By then she had met Ar-Ar and married, and yet this was not the most important part of her life: First came the sport, then herself, then her family.
"This is the way she is," Ar-Ar said. "She is born like this, something inside her."
Her life was devoted to running faster and winning, and when she succeeded she was "like a baby when you get a little toy, and you look in their eyes and you see the joy," Ar-Ar said. "You don't see it, you feel how happy she is."
By 2002, she said, she understood she was more talented on the road than on the track. She told Makké, the agent she met around this time, that she would give anything to attain a world record. It happened in her first race in the United States that year; she outdueled Kiplagat to win the New York Women's Mini Marathon 10K in a world-record time.

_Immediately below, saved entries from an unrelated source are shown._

(* Let $I$ be a (finite or infinite) interval of $\mathbb Z$ and $Z=\{(Z^{(t)}_s)_{s\ge t,s\in I}\}_{t\in I}$ a coalescent-walk process on $I$. Define the relation $\le_Z$ on $I$ by: $i\le_Z i$; for $i<j$, $i\le_Z j$ if $Z^{(i)}_j<0$ and $j\le_Z i$ if $Z^{(i)}_j\ge0$. Then $\le_Z$ is a total order on $I$.
   Context: A coalescent-walk process on $I$ is a family $\{(Z^{(t)}_s)_{s\ge t,s\in I}\}_{t\in I}$ of integer-valued walks such that $Z^{(t)}_t=0$ for every $t\in I$, and for $t'\ge t$ in $I$, if $Z^{(t)}_k\ge Z^{(t')}_k$ (resp. $\le$) then $Z^{(t)}_{k'}\ge Z^{(t')}_{k'}$ (resp. $\le$) for every $k'\ge k$. *)

From Stdlib Require Import ZArith.
Open Scope Z_scope.

Definition is_interval (I : Z -> Prop) : Prop :=
  forall a b c, I a -> I c -> a <= b -> b <= c -> I b.

(* A coalescent-walk process on I: W t s stands for Z^{(t)}_s; only the values
   with t, s in I and s >= t are meaningful. *)
Definition coalescent_walk_process (I : Z -> Prop) (W : Z -> Z -> Z) : Prop :=
  (forall t, I t -> W t t = 0) /\
  (forall t t' k, I t -> I t' -> I k -> t <= t' -> t' <= k ->
     (W t k >= W t' k -> forall k', I k' -> k <= k' -> W t k' >= W t' k') /\
     (W t k <= W t' k -> forall k', I k' -> k <= k' -> W t k' <= W t' k')).

Definition le_Z (W : Z -> Z -> Z) (i j : Z) : Prop :=
  i = j \/ (i < j /\ W i j < 0) \/ (j < i /\ W j i >= 0).

Definition total_order_on (I : Z -> Prop) (R : Z -> Z -> Prop) : Prop :=
  (forall i, I i -> R i i) /\
  (forall i j, I i -> I j -> R i j -> R j i -> i = j) /\
  (forall i j k, I i -> I j -> I k -> R i j -> R j k -> R i k) /\
  (forall i j, I i -> I j -> R i j \/ R j i).

(* For a < b, the walk started at a is compared with the walk started at b
   at time b, where the latter is 0: a <=_Z b when Z^(a) is strictly below,
   b <=_Z a when it is weakly above. The coalescence property says such a
   comparison between two walks persists at all later times, so among three
   starting times the comparison made at the middle one propagates to the
   last one; this is exactly what transitivity needs. *)

From Stdlib Require Import ZArith Lia.
Open Scope Z_scope.

Section CoalescentWalkOrder.

Variables (I : Z -> Prop) (W : Z -> Z -> Z).
Hypothesis HW : coalescent_walk_process I W.

Lemma walk_below_persists a b c :
  I a -> I b -> I c -> a < b -> b <= c -> W a b < 0 -> W a c <= W b c.
Proof.
  intros Ia Ib Ic ab bc Wab.
  destruct HW as [W0 Wmono].
  destruct (Wmono a b b Ia Ib Ib ltac:(lia) ltac:(lia)) as [_ below].
  apply (below ltac:(rewrite W0 by exact Ib; lia) c Ic bc).
Qed.

Lemma walk_above_persists a b c :
  I a -> I b -> I c -> a < b -> b <= c -> W a b >= 0 -> W b c <= W a c.
Proof.
  intros Ia Ib Ic ab bc Wab.
  destruct HW as [W0 Wmono].
  destruct (Wmono a b b Ia Ib Ib ltac:(lia) ltac:(lia)) as [above _].
  enough (W a c >= W b c) by lia.
  apply (above ltac:(rewrite W0 by exact Ib; lia) c Ic bc).
Qed.

Lemma le_Z_trans i j k :
  I i -> I j -> I k -> le_Z W i j -> le_Z W j k -> le_Z W i k.
Proof.
  unfold le_Z.
  intros Ii Ij Ik [<- | [[ij Wij] | [ji Wji]]] [<- | [[jk Wjk] | [kj Wkj]]];
    try tauto.
  - pose proof (walk_below_persists i j k Ii Ij Ik ij ltac:(lia) Wij); lia.
  - destruct (Z.lt_total i k) as [ik | [<- | ki]]; [| tauto |].
    + destruct (Z_lt_ge_dec (W i k) 0) as [Wik | Wik]; [lia |].
      pose proof (walk_above_persists i k j Ii Ik Ij ik ltac:(lia) Wik); lia.
    + destruct (Z_lt_ge_dec (W k i) 0) as [Wki | Wki]; [| lia].
      pose proof (walk_below_persists k i j Ik Ii Ij ki ltac:(lia) Wki); lia.
  - destruct (Z.lt_total i k) as [ik | [<- | ki]]; [| tauto |].
    + pose proof (walk_above_persists j i k Ij Ii Ik ji ltac:(lia) Wji); lia.
    + pose proof (walk_below_persists j k i Ij Ik Ii jk ltac:(lia) Wjk); lia.
  - pose proof (walk_above_persists k j i Ik Ij Ii kj ltac:(lia) Wkj); lia.
Qed.

End CoalescentWalkOrder.

Lemma le_Z_refl (W : Z -> Z -> Z) i : le_Z W i i.
Proof. now left. Qed.

Lemma le_Z_antisym (W : Z -> Z -> Z) i j : le_Z W i j -> le_Z W j i -> i = j.
Proof. unfold le_Z; lia. Qed.

Lemma le_Z_total (W : Z -> Z -> Z) i j : le_Z W i j \/ le_Z W j i.
Proof. unfold le_Z; lia. Qed.

Theorem proposition2p9 (I : Z -> Prop) (W : Z -> Z -> Z) :
  is_interval I -> coalescent_walk_process I W -> total_order_on I (le_Z W).
Proof.
  intros _ HW.
  repeat split.
  - intros i _; apply le_Z_refl.
  - intros i j _ _; apply le_Z_antisym.
  - intros i j k; apply (le_Z_trans I W HW).
  - intros i j _ _; apply le_Z_total.
Qed.
(* Let $G$ be a finite connected graph (multiple edges allowed, no loops) with vertices $v_1,\dots,v_n$, and let $i\neq j$. The pair $\{v_i,v_j\}$ has order $1$ if and only if there is a path $\mathcal{P}$ in $G$ from $v_i$ to $v_j$ (with pairwise distinct edges) such that for every edge $e$ of $\mathcal{P}$ the graph $G\setminus\{e\}$ is disconnected. Consequently, $G$ is multiply connected if and only if its Laplacian is spread.
   Context: For $i\neq j$ let $c_{ij}$ be the number of edges joining $v_i$ and $v_j$, and let $c_{ii}=-\sum_{j\neq i}c_{ij}$. Let $M(G)=(c_{ij})\in M_n(\mathbb{Z})$; the Laplacian of $G$ is $-M(G)$. Let $e_1,\dots,e_n$ be the standard basis of $\mathbb{Z}^n$ and $E_{ij}=e_i-e_j$. For an integer $h>0$, a pair $\{v_i,v_j\}$ ($i\ne j$) has order $h$ if there is $S=(s_1,\dots,s_n)^t\in\mathbb{Z}^n$ with $M(G)S=hE_{ij}$ and $\gcd(s_1-s_n,\dots,s_{n-1}-s_n)=1$; equivalently, the image of $E_{ij}$ in $\mathbb{Z}^n/\mathrm{Im}(M(G))$ has order exactly $h$. A graph is multiply connected if removing any single edge leaves it connected. A matrix $M\in M_n(\mathbb{Z})$ is spread if the quotient map $\mathbb{Z}^n\to\mathbb{Z}^n/\mathrm{Im}(M)$ (where $\mathrm{Im}(M)$ is the $\mathbb{Z}$-span of the columns) is injective on $\{e_1,\dots,e_n\}$, i.e. no $E_{ij}$ ($i\neq j$) lies in $\mathrm{Im}(M)$. *)

From mathcomp Require Import all_boot all_order all_algebra.
Set Implicit Arguments. Unset Strict Implicit. Unset Printing Implicit Defensive.
Import GRing.Theory Num.Theory.

(* A finite multigraph without loops on the vertex set 'I_N is given by the
   edge multiplicities c : 'I_N -> 'I_N -> nat (c u v = number of edges joining
   u and v), symmetric with zero diagonal. The c u v edges joining u,v are
   labelled 0, ..., (c u v).-1. *)
Definition multigraph (N : nat) (c : 'I_N -> 'I_N -> nat) : Prop :=
  (forall u v, c u v = c v u) /\ (forall u, c u u = 0%N).

Definition adj (N : nat) (c : 'I_N -> 'I_N -> nat) : rel 'I_N :=
  fun u v => (0 < c u v)%N.

Definition connected (N : nat) (c : 'I_N -> 'I_N -> nat) : Prop :=
  forall u v, connect (adj c) u v.

(* G \ {e} where e is one of the edges joining x and y. *)
Definition remove_edge (N : nat) (c : 'I_N -> 'I_N -> nat) (x y : 'I_N)
  : 'I_N -> 'I_N -> nat :=
  fun u v => if ((u == x) && (v == y)) || ((u == y) && (v == x))
             then (c u v).-1 else c u v.

Definition is_bridge (N : nat) (c : 'I_N -> 'I_N -> nat) (x y : 'I_N) : Prop :=
  ~ connected (remove_edge c x y).

Definition multiply_connected (N : nat) (c : 'I_N -> 'I_N -> nat) : Prop :=
  forall x y : 'I_N, (0 < c x y)%N -> connected (remove_edge c x y).

(* A walk starting at x is a sequence of steps (y, k): go to y along the edge
   labelled k joining the current vertex and y. *)
Fixpoint walk_ok (N : nat) (c : 'I_N -> 'I_N -> nat) (x : 'I_N)
  (p : seq ('I_N * nat)) : bool :=
  if p is (y, k) :: p' then (k < c x y)%N && walk_ok c y p' else true.

(* canonical name of the edge labelled k between x and y (unordered pair) *)
Definition edge_key (N : nat) (x y : 'I_N) (k : nat) : 'I_N * 'I_N * nat :=
  if (x <= y)%N then (x, y, k) else (y, x, k).

Fixpoint walk_edges (N : nat) (x : 'I_N) (p : seq ('I_N * nat))
  : seq ('I_N * 'I_N * nat) :=
  if p is (y, k) :: p' then edge_key x y k :: walk_edges y p' else [::].

Fixpoint walk_all_bridges (N : nat) (c : 'I_N -> 'I_N -> nat) (x : 'I_N)
  (p : seq ('I_N * nat)) : Prop :=
  if p is (y, _) :: p' then is_bridge c x y /\ walk_all_bridges c y p' else True.

Local Open Scope ring_scope.

Definition Mgraph (N : nat) (c : 'I_N -> 'I_N -> nat) : 'M[int]_N :=
  \matrix_(i, j) if i == j then - (\sum_(k | k != i) (c i k)%:Z)
                 else (c i j)%:Z.

Definition laplacian (N : nat) (c : 'I_N -> 'I_N -> nat) : 'M[int]_N :=
  - Mgraph c.

Definition Eij (N : nat) (i j : 'I_N) : 'cV[int]_N :=
  delta_mx i 0 - delta_mx j 0.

Some observers of that race said they had suspicions about a virtual unknown beating a field of international stars including Kiplagat and Deena Drossin; Leghzaoui insisted this week that she was clean when she set the record, and said she was tested throughout this time at world championships and at European track events. Later that season, she set a world 8K record in Kingsport, Tenn., and her winnings helped support her family as her father, a tailor, began to lose his eyesight.
But she was still being outkicked at the end of world championships, and she wanted to medal instead of finishing seventh.
"Seven was not satisfactory," she said. "What is seven? I wanted more."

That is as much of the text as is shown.